Two lines in the listing below mark the span: one contains "destruct (square_difference_free_extend (Zprod" and one contains "intros P_nd P_spec d_range dvd.". Reproduce both of them and everything between, exactly.

__INPUT RECORDS__.
________________
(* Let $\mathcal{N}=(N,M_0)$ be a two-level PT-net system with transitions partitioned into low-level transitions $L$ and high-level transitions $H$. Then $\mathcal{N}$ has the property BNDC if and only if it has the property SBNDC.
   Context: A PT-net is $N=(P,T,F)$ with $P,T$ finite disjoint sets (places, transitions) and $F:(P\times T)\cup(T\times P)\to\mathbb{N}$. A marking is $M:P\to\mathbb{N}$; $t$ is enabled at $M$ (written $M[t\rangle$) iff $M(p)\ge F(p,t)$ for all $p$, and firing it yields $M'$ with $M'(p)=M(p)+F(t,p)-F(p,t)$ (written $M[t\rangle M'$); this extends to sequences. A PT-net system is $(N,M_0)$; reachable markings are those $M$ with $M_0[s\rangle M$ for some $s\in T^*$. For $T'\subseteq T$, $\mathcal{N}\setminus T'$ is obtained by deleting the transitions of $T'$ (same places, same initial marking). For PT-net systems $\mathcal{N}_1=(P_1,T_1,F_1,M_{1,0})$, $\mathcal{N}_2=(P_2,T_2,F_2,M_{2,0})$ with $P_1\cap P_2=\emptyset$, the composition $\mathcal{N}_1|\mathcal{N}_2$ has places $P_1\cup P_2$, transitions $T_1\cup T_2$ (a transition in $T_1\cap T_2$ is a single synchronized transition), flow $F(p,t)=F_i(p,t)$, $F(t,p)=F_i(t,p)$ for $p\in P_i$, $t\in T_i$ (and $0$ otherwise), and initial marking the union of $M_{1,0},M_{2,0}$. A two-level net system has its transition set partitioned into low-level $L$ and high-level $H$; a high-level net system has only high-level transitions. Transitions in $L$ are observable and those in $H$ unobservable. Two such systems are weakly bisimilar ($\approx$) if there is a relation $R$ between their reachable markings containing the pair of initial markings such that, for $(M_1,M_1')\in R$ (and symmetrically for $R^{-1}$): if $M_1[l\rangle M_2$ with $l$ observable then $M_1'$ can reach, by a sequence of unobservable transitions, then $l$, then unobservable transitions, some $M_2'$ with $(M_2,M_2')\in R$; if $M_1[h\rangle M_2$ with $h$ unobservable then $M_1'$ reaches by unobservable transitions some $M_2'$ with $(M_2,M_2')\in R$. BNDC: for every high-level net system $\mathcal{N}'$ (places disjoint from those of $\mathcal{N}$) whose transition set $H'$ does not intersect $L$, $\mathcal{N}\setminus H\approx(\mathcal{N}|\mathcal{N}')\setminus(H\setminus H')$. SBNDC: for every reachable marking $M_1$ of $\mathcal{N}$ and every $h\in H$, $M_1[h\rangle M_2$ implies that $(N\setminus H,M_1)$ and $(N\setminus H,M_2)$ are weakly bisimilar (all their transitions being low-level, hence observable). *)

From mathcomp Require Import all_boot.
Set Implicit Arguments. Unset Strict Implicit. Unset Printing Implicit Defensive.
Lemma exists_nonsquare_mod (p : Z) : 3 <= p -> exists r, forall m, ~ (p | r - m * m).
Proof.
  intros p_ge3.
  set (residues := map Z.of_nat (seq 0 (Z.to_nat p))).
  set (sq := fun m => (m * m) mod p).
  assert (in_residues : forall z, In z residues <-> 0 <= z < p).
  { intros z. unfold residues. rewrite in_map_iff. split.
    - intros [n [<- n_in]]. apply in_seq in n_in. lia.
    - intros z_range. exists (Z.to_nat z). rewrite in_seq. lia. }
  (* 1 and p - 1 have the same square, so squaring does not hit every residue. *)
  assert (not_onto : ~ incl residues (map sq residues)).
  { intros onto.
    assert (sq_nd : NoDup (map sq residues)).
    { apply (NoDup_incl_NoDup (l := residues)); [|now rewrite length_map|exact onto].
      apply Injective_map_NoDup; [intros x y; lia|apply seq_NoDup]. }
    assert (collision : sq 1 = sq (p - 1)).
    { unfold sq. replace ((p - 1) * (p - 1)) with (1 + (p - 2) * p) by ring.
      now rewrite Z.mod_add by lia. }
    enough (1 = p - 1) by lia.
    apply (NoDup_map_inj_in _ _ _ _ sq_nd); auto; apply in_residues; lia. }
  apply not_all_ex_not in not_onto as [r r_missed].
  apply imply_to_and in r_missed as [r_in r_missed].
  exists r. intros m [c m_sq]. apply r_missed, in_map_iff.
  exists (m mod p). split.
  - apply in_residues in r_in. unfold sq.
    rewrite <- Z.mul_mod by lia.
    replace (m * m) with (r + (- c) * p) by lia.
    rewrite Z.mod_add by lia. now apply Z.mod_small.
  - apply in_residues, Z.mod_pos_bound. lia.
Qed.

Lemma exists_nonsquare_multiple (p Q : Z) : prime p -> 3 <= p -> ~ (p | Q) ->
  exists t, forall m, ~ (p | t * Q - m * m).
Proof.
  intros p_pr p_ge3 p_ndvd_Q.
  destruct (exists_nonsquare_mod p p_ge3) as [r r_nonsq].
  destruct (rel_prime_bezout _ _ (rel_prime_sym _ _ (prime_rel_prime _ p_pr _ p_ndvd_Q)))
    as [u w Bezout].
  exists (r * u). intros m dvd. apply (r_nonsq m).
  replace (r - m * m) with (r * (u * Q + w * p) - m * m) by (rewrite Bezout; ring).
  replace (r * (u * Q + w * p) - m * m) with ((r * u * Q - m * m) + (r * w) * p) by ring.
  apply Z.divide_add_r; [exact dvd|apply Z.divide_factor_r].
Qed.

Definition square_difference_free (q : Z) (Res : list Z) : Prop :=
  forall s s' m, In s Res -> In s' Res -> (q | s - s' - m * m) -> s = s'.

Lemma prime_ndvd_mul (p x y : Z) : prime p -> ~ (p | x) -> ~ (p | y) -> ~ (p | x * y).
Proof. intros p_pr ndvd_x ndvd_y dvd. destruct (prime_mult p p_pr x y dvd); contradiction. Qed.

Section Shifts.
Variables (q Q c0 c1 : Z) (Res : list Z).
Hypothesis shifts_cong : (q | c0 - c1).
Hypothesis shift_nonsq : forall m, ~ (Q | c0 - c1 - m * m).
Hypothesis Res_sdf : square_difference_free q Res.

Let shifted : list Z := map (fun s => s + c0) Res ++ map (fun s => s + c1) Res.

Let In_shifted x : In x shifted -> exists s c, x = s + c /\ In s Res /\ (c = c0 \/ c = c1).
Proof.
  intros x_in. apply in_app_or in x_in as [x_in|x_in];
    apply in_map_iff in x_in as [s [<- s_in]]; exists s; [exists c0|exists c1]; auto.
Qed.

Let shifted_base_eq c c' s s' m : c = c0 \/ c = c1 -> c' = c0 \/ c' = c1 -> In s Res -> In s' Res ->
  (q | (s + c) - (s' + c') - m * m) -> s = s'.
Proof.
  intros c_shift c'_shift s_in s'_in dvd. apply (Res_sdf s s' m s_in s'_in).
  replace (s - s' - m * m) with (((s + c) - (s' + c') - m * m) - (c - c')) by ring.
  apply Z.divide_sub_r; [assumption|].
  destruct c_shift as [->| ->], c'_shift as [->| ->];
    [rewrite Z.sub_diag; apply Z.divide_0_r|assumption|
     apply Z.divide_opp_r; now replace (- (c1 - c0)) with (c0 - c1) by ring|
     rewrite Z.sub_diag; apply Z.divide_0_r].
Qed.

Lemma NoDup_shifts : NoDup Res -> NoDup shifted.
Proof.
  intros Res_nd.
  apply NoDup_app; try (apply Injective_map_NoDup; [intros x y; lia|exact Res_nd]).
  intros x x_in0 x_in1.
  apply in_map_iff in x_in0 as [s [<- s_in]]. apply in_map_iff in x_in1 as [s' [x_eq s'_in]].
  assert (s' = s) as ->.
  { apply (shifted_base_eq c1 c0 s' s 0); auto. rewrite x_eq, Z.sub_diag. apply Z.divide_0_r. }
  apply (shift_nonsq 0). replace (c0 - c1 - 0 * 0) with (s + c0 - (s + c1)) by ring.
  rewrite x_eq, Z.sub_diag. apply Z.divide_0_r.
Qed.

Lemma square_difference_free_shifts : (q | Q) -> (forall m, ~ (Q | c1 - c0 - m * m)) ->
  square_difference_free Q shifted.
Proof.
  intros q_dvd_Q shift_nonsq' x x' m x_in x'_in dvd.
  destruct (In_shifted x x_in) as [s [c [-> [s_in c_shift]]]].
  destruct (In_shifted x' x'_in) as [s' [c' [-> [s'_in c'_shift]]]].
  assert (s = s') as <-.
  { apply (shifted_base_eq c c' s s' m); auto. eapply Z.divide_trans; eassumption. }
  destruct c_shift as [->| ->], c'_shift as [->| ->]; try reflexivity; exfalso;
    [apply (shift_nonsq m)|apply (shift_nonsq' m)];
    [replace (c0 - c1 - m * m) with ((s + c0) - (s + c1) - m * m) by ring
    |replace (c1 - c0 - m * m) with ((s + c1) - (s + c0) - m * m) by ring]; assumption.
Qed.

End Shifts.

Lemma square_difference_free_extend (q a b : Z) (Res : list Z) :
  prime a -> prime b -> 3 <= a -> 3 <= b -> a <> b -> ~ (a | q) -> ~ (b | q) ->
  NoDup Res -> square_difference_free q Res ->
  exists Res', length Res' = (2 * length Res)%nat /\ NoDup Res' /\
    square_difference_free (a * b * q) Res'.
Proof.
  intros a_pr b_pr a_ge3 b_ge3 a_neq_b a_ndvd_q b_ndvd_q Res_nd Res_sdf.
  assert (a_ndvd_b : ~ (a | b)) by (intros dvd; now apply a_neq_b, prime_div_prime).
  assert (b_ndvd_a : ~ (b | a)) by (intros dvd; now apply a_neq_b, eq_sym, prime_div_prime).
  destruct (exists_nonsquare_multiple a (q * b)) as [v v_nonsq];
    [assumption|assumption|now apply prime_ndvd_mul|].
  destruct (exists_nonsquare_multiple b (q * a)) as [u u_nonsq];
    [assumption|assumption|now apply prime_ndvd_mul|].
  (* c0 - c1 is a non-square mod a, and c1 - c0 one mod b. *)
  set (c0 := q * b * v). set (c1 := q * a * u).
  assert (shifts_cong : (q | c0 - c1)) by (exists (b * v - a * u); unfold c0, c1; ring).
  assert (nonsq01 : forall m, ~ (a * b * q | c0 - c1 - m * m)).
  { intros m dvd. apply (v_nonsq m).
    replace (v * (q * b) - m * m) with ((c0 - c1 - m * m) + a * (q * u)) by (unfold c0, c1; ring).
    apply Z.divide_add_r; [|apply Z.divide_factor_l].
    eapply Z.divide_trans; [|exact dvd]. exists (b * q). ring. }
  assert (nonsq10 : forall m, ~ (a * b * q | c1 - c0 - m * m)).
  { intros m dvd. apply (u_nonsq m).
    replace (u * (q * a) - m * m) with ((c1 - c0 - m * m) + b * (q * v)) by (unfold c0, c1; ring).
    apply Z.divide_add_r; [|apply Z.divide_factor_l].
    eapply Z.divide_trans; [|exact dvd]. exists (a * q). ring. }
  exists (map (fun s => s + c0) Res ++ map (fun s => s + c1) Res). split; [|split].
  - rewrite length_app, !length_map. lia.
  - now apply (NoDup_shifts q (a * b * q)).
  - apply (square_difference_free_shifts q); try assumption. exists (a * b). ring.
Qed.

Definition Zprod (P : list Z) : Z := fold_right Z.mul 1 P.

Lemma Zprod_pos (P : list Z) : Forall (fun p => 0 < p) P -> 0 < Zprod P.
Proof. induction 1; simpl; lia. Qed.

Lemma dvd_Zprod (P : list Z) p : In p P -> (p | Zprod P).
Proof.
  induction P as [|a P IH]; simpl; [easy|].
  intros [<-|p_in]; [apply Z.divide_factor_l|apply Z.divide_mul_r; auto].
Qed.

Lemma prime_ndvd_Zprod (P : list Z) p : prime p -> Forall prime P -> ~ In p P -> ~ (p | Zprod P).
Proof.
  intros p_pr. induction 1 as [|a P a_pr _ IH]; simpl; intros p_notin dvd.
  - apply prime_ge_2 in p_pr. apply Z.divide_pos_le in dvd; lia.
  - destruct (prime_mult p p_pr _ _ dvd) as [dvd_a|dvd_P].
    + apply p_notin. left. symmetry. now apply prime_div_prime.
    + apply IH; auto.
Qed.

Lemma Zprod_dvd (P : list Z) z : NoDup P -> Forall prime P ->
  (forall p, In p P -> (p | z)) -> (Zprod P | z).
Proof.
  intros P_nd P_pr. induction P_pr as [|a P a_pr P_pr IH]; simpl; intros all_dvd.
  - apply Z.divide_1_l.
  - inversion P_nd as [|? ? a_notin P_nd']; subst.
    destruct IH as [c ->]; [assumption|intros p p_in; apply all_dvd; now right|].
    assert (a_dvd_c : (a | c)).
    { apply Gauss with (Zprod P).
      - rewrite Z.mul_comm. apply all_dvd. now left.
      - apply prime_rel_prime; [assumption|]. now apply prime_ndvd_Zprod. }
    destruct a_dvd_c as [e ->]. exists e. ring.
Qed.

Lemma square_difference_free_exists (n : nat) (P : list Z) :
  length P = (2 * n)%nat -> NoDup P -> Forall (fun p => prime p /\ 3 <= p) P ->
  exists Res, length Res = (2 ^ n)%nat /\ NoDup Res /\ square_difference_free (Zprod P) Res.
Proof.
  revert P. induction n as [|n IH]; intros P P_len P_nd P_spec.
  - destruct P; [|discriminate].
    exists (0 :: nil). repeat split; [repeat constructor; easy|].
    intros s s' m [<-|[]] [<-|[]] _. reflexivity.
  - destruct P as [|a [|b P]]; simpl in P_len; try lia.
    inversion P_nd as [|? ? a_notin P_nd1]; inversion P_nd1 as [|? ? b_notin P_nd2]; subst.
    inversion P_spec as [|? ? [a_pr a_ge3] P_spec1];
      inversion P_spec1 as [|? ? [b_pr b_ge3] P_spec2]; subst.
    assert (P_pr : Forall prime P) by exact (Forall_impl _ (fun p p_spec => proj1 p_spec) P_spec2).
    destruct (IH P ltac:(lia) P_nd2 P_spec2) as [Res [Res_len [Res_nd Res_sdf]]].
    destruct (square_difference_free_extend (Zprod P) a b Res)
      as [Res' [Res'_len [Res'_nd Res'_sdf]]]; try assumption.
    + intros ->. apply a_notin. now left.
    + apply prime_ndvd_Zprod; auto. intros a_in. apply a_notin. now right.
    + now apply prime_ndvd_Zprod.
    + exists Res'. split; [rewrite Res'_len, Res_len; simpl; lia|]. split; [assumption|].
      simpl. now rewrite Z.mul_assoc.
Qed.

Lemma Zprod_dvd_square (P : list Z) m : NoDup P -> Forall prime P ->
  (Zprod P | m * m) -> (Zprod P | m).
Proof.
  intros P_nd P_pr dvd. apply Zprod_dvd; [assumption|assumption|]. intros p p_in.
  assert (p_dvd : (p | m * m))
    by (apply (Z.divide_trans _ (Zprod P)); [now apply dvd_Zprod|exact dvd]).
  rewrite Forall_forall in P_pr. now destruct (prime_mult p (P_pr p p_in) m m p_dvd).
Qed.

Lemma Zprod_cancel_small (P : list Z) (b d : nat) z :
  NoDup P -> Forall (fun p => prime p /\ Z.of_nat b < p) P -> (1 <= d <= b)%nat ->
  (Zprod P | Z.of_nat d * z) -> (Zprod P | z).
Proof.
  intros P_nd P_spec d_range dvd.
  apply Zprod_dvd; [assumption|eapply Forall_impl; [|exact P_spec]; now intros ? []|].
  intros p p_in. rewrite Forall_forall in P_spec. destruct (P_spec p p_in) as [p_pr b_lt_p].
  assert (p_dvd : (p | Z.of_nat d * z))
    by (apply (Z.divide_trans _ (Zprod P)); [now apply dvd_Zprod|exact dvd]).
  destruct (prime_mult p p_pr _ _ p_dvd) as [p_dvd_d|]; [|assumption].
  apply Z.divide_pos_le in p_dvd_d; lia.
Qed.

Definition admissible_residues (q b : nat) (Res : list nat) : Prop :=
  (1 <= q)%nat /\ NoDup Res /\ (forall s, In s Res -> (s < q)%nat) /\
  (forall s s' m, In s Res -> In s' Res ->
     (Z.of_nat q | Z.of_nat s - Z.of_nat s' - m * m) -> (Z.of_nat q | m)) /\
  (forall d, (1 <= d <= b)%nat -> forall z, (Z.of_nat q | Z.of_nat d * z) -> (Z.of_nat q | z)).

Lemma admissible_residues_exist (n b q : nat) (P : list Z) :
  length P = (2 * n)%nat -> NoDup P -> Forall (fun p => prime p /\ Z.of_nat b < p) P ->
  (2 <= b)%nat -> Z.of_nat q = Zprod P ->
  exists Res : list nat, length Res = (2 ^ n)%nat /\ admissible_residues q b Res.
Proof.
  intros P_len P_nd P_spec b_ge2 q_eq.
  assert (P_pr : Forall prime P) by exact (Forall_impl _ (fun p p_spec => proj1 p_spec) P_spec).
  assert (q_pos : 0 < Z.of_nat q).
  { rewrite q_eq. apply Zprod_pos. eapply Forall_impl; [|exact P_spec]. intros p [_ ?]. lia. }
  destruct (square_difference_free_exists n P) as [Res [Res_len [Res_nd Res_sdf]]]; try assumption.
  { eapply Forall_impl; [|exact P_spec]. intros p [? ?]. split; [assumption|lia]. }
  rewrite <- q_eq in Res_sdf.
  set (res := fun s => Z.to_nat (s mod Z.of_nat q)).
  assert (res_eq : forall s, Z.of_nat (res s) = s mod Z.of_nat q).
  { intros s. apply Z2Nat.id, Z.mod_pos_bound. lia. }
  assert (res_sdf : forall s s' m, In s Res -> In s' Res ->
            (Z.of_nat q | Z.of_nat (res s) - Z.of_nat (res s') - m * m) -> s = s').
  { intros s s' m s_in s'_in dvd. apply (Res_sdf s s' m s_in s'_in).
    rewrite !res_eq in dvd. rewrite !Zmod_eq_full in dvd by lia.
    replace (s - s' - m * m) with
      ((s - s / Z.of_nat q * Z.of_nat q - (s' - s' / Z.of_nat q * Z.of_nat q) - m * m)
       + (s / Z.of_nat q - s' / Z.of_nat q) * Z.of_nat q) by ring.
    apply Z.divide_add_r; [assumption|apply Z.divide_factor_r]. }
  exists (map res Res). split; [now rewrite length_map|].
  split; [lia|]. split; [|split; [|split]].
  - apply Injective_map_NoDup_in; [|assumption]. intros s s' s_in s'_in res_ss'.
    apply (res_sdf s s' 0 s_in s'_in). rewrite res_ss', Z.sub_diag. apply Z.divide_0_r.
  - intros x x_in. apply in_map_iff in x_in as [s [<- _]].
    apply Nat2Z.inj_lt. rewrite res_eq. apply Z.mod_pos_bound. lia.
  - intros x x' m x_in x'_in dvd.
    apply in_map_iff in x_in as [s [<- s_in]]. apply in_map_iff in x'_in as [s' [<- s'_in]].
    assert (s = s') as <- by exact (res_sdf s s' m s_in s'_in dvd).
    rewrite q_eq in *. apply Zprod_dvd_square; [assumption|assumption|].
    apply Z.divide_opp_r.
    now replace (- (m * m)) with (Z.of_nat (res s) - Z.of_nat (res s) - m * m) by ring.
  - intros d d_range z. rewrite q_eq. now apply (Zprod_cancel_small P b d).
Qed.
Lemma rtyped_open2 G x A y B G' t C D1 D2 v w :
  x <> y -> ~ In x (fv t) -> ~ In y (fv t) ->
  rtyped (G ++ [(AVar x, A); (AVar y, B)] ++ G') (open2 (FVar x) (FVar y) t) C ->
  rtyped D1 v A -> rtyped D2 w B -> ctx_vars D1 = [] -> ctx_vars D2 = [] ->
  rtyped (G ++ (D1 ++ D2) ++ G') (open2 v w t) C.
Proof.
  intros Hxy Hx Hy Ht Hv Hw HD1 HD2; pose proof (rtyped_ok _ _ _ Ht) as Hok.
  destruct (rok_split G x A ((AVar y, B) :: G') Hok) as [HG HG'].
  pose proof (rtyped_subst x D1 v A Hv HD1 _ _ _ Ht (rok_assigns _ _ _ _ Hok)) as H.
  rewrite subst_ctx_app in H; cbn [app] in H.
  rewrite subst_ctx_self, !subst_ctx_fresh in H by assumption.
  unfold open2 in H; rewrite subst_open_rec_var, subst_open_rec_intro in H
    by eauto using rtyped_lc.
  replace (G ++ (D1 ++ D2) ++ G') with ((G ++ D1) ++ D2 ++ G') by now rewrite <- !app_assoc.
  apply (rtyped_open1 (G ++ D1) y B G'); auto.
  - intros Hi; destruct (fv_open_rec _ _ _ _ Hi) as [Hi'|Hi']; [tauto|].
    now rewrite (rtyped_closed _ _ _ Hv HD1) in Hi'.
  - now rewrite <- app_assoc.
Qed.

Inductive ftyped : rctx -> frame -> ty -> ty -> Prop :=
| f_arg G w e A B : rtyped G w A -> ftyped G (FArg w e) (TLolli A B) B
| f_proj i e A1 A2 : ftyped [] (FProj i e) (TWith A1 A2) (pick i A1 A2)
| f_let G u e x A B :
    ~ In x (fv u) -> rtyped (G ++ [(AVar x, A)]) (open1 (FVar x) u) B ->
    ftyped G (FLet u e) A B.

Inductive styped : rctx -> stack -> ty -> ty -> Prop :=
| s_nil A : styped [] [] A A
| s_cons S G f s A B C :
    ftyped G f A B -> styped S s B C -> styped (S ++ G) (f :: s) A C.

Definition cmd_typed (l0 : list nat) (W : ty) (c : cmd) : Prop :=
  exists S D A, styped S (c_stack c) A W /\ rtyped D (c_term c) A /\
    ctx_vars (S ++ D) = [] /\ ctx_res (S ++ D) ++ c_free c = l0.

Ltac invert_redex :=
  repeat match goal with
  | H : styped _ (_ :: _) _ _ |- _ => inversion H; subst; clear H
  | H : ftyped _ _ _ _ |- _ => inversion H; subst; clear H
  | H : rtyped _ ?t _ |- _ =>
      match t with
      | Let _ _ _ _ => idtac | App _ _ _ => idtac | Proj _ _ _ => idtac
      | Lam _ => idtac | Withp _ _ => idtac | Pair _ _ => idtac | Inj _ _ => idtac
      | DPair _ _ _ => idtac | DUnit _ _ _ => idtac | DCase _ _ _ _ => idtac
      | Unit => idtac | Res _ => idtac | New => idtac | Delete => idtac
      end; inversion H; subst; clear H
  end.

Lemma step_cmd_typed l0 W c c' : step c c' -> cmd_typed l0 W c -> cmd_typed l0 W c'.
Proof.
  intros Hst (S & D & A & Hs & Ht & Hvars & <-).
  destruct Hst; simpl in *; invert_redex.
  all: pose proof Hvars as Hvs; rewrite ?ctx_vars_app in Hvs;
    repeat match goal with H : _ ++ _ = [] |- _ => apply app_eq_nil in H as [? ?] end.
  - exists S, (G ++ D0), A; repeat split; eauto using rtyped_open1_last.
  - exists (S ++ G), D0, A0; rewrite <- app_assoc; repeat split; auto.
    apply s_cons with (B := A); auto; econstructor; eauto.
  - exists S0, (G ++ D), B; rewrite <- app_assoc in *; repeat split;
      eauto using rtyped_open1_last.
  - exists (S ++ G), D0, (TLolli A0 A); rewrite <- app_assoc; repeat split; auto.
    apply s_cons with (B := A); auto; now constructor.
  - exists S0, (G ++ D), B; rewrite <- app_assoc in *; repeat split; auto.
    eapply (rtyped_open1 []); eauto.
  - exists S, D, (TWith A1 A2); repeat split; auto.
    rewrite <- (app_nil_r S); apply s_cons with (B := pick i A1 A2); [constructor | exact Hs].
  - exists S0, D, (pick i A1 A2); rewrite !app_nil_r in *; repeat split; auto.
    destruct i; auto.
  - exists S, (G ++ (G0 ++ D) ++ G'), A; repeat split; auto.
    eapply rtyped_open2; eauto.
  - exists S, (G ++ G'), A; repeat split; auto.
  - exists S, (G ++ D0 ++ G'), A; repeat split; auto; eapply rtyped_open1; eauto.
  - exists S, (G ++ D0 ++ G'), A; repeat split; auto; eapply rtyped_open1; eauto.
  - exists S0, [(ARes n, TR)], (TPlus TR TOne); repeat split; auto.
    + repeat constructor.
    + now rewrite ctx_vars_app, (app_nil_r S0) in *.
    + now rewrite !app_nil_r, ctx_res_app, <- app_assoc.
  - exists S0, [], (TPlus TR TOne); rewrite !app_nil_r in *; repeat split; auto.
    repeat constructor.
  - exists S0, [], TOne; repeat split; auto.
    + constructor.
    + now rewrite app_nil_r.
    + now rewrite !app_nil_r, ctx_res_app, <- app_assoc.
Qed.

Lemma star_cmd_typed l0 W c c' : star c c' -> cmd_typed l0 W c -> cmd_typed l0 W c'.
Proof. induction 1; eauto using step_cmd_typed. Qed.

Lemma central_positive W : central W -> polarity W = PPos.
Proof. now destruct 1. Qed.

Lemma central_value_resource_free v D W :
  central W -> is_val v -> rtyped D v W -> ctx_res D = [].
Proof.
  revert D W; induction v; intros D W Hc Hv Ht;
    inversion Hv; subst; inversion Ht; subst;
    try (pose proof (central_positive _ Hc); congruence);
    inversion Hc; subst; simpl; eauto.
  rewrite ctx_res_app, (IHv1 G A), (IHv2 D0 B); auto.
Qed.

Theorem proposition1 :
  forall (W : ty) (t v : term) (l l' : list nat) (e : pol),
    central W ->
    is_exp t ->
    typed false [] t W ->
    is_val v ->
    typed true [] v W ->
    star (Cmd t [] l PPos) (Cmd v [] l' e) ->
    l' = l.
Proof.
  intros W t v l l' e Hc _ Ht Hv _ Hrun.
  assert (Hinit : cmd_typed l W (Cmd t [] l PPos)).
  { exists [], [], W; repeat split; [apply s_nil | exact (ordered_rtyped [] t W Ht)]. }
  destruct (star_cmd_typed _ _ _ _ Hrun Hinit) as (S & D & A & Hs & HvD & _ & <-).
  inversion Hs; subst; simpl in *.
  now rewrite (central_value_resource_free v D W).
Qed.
________________
__TASK OUTPUT__.
    destruct (square_difference_free_extend (Zprod P) a b Res)
      as [Res' [Res'_len [Res'_nd Res'_sdf]]]; try assumption.
    + intros ->. apply a_notin. now left.
    + apply prime_ndvd_Zprod; auto. intros a_in. apply a_notin. now right.
    + now apply prime_ndvd_Zprod.
    + exists Res'. split; [rewrite Res'_len, Res_len; simpl; lia|]. split; [assumption|].
      simpl. now rewrite Z.mul_assoc.
Qed.

Lemma Zprod_dvd_square (P : list Z) m : NoDup P -> Forall prime P ->
  (Zprod P | m * m) -> (Zprod P | m).
Proof.
  intros P_nd P_pr dvd. apply Zprod_dvd; [assumption|assumption|]. intros p p_in.
  assert (p_dvd : (p | m * m))
    by (apply (Z.divide_trans _ (Zprod P)); [now apply dvd_Zprod|exact dvd]).
  rewrite Forall_forall in P_pr. now destruct (prime_mult p (P_pr p p_in) m m p_dvd).
Qed.

Lemma Zprod_cancel_small (P : list Z) (b d : nat) z :
  NoDup P -> Forall (fun p => prime p /\ Z.of_nat b < p) P -> (1 <= d <= b)%nat ->
  (Zprod P | Z.of_nat d * z) -> (Zprod P | z).
Proof.
  intros P_nd P_spec d_range dvd.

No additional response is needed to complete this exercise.